====== Supplied data ======
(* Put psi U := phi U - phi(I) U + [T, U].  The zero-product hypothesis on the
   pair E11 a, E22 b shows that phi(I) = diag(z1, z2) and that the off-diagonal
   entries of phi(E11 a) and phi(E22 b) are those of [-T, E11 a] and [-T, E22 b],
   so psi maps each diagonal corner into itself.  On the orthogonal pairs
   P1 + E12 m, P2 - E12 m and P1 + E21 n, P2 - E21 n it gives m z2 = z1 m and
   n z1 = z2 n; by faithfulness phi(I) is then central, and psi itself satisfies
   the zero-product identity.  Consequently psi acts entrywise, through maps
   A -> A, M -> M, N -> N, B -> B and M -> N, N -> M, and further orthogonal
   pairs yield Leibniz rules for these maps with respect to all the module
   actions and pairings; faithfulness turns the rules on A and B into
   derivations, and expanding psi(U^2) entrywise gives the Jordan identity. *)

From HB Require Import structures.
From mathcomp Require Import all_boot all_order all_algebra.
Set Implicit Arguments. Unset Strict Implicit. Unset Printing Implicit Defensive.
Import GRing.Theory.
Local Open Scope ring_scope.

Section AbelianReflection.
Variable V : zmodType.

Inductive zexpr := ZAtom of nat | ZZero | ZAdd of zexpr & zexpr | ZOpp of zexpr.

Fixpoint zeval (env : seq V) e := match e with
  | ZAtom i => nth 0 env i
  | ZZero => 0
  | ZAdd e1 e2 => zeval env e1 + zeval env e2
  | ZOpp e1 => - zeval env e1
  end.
======
(Task prompt): A word-for-word restatement of the records above from the line containing "pairs yield Leibniz" to their final line is all the answer should hold.

(Answer section):
   pairs yield Leibniz rules for these maps with respect to all the module
   actions and pairings; faithfulness turns the rules on A and B into
   derivations, and expanding psi(U^2) entrywise gives the Jordan identity. *)

From HB Require Import structures.
From mathcomp Require Import all_boot all_order all_algebra.
Set Implicit Arguments. Unset Strict Implicit. Unset Printing Implicit Defensive.
Import GRing.Theory.
Local Open Scope ring_scope.

Section AbelianReflection.
Variable V : zmodType.

Inductive zexpr := ZAtom of nat | ZZero | ZAdd of zexpr & zexpr | ZOpp of zexpr.

Fixpoint zeval (env : seq V) e := match e with
  | ZAtom i => nth 0 env i
  | ZZero => 0
  | ZAdd e1 e2 => zeval env e1 + zeval env e2
  | ZOpp e1 => - zeval env e1
  end.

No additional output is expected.